EXERCISE AIM: Scan the material below and copy every line holding the word "comNzRingType".

DATA FOR REVIEW:
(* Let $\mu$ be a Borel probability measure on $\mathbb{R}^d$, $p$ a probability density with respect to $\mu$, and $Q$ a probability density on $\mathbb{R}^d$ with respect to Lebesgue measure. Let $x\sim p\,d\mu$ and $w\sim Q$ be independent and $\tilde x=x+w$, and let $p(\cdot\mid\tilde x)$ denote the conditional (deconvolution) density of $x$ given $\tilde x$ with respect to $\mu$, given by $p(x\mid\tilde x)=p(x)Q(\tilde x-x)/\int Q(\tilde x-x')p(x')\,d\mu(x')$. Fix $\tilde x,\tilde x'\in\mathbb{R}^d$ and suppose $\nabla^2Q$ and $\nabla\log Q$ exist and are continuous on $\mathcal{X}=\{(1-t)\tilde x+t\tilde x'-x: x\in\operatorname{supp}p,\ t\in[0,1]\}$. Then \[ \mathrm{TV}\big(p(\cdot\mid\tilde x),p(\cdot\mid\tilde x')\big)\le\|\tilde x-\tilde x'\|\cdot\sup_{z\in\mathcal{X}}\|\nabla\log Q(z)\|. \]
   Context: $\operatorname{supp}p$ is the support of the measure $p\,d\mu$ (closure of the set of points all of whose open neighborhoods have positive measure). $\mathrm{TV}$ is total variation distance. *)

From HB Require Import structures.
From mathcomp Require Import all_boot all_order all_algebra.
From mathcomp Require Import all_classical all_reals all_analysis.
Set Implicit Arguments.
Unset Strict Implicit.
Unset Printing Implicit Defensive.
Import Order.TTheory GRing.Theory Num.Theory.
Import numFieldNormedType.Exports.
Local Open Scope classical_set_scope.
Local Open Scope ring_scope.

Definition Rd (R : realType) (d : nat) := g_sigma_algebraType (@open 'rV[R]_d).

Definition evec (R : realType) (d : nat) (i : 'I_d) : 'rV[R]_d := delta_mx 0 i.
...
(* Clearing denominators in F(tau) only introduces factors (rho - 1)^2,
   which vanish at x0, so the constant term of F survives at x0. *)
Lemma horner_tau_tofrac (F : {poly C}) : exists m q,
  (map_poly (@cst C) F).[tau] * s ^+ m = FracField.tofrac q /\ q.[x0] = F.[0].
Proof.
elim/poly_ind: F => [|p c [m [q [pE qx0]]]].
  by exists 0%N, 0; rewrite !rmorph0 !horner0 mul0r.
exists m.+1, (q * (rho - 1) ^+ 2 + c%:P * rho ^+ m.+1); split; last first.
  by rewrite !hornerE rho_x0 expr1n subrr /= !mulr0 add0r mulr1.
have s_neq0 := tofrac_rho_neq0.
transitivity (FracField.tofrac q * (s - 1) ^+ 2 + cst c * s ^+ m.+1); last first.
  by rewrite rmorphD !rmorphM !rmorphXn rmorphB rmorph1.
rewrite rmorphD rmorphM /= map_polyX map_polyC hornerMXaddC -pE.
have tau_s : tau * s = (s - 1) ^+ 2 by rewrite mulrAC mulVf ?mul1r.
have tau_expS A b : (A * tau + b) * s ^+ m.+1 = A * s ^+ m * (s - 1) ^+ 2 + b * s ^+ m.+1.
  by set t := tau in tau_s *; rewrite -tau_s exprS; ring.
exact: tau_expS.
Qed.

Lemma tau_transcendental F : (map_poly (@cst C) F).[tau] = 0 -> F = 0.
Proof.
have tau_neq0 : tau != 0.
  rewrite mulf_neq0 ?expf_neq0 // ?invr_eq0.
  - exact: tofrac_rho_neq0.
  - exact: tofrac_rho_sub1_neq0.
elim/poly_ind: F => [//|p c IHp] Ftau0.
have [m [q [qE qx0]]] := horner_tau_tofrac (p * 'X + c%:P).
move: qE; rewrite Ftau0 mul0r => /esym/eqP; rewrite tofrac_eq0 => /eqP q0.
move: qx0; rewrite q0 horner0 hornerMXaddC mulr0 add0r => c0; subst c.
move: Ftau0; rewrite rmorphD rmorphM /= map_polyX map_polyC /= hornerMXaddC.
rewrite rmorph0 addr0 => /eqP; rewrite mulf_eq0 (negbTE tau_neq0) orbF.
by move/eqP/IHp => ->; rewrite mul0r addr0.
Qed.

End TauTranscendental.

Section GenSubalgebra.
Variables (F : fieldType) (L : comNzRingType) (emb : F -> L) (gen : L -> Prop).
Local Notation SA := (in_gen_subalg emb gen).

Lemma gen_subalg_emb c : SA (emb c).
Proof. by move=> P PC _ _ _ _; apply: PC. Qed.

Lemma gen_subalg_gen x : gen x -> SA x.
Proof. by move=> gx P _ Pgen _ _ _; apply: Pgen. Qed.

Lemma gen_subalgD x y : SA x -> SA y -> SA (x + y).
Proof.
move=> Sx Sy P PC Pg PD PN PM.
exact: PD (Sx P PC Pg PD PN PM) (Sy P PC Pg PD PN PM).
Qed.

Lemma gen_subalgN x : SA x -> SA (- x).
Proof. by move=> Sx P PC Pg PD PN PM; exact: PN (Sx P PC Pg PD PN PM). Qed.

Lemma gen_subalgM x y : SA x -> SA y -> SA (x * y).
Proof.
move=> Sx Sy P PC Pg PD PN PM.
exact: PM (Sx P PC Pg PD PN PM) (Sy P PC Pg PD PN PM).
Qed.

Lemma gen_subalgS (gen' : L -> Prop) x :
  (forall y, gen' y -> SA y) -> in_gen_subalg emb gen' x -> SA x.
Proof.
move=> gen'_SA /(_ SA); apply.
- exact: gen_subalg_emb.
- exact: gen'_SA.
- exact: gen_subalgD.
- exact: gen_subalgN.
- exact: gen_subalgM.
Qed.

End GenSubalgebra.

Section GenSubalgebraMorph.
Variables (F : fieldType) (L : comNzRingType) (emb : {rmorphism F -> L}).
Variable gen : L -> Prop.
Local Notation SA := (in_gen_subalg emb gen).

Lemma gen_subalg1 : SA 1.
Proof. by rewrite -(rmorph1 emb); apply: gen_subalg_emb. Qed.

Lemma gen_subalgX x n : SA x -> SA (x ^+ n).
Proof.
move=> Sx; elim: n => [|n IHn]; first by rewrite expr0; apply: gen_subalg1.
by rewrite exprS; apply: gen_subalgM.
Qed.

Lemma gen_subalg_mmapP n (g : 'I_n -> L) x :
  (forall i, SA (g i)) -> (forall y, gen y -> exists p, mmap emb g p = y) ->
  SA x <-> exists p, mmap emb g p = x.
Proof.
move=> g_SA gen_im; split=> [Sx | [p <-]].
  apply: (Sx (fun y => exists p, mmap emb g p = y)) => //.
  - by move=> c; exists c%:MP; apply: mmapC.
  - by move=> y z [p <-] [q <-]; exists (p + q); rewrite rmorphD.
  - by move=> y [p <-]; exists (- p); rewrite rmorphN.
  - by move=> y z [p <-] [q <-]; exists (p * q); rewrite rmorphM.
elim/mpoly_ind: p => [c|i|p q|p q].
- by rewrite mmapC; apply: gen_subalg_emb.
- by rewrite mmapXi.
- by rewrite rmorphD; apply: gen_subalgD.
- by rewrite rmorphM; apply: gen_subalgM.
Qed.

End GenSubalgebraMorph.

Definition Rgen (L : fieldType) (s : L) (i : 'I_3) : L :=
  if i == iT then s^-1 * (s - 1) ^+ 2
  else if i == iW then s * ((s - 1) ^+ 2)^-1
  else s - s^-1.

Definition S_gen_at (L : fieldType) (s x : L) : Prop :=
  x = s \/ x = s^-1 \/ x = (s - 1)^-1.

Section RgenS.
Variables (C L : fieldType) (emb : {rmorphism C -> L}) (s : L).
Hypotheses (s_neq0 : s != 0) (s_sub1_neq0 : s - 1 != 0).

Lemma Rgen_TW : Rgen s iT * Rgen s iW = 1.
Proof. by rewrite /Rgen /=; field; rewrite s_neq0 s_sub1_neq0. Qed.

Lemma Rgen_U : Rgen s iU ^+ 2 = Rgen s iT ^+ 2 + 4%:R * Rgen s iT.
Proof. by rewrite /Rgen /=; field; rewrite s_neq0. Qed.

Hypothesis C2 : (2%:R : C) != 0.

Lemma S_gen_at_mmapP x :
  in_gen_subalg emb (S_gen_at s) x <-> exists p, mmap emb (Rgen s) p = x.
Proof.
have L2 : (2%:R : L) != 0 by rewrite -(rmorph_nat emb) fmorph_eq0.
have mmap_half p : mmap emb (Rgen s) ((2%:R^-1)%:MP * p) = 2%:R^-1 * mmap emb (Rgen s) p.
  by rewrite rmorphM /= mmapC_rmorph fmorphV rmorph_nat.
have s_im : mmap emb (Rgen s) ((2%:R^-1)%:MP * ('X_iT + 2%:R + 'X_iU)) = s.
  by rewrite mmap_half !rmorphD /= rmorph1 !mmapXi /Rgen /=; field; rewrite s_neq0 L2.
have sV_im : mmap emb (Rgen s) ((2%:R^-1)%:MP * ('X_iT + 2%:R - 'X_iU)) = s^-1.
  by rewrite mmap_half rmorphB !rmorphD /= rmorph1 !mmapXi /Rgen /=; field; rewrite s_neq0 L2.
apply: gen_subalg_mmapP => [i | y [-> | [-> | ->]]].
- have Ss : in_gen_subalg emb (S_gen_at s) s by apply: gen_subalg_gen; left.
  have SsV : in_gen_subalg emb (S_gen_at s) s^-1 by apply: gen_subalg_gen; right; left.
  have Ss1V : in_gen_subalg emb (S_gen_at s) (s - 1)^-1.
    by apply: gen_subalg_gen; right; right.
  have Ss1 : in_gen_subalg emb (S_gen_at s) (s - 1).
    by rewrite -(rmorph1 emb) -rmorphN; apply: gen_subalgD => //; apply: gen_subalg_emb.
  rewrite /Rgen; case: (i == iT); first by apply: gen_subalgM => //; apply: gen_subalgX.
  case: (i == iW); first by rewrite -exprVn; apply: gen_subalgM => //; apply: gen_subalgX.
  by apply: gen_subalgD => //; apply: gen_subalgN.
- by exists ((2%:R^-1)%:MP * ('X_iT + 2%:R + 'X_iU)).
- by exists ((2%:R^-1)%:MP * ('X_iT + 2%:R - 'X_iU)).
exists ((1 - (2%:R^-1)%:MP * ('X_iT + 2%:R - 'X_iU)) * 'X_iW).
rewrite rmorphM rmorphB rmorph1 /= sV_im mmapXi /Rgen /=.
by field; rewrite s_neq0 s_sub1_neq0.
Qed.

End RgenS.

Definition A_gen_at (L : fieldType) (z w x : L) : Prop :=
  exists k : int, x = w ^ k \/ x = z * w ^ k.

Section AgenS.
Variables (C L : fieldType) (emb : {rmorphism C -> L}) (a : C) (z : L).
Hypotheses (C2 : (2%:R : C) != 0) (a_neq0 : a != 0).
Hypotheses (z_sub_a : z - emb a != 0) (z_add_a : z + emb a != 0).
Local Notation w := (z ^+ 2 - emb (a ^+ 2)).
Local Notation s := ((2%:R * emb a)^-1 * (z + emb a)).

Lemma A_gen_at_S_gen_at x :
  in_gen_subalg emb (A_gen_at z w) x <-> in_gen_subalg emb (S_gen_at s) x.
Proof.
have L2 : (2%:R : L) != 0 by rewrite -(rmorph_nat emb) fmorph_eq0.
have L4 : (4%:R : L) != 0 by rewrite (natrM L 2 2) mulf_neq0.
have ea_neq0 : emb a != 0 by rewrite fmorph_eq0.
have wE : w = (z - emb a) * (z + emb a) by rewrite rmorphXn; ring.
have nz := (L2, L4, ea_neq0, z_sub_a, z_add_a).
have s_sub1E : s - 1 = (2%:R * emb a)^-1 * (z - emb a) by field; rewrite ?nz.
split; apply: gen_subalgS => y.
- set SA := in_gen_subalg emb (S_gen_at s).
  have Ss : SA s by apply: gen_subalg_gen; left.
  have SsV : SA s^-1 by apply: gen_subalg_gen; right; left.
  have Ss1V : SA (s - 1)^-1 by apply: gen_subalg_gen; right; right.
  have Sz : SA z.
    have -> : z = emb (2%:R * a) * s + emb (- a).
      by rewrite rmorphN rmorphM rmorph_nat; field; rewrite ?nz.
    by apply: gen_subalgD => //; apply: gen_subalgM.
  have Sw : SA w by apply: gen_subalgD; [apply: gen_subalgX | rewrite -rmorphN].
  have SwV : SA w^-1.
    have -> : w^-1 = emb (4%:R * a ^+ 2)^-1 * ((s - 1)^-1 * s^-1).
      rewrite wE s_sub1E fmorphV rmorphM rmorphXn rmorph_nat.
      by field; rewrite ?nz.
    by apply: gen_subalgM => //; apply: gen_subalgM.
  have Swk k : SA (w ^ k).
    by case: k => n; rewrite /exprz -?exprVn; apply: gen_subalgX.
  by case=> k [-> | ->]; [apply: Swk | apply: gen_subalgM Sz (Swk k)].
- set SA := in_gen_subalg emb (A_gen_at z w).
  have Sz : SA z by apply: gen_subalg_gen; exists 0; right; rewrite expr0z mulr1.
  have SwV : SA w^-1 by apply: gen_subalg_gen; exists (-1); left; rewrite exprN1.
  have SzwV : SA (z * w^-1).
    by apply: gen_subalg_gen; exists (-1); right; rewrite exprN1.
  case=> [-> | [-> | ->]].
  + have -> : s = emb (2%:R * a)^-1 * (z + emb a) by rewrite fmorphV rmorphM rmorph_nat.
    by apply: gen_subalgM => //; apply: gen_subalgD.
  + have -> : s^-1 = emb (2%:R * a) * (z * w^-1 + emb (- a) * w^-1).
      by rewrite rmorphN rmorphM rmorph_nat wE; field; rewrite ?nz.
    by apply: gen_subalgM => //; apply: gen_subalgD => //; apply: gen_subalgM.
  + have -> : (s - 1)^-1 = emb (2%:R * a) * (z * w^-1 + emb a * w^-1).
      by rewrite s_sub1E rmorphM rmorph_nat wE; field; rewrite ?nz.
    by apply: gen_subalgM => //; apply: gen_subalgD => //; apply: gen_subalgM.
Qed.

YOUR RESPONSE:
Variables (F : fieldType) (L : comNzRingType) (emb : F -> L) (gen : L -> Prop).
Variables (F : fieldType) (L : comNzRingType) (emb : {rmorphism F -> L}).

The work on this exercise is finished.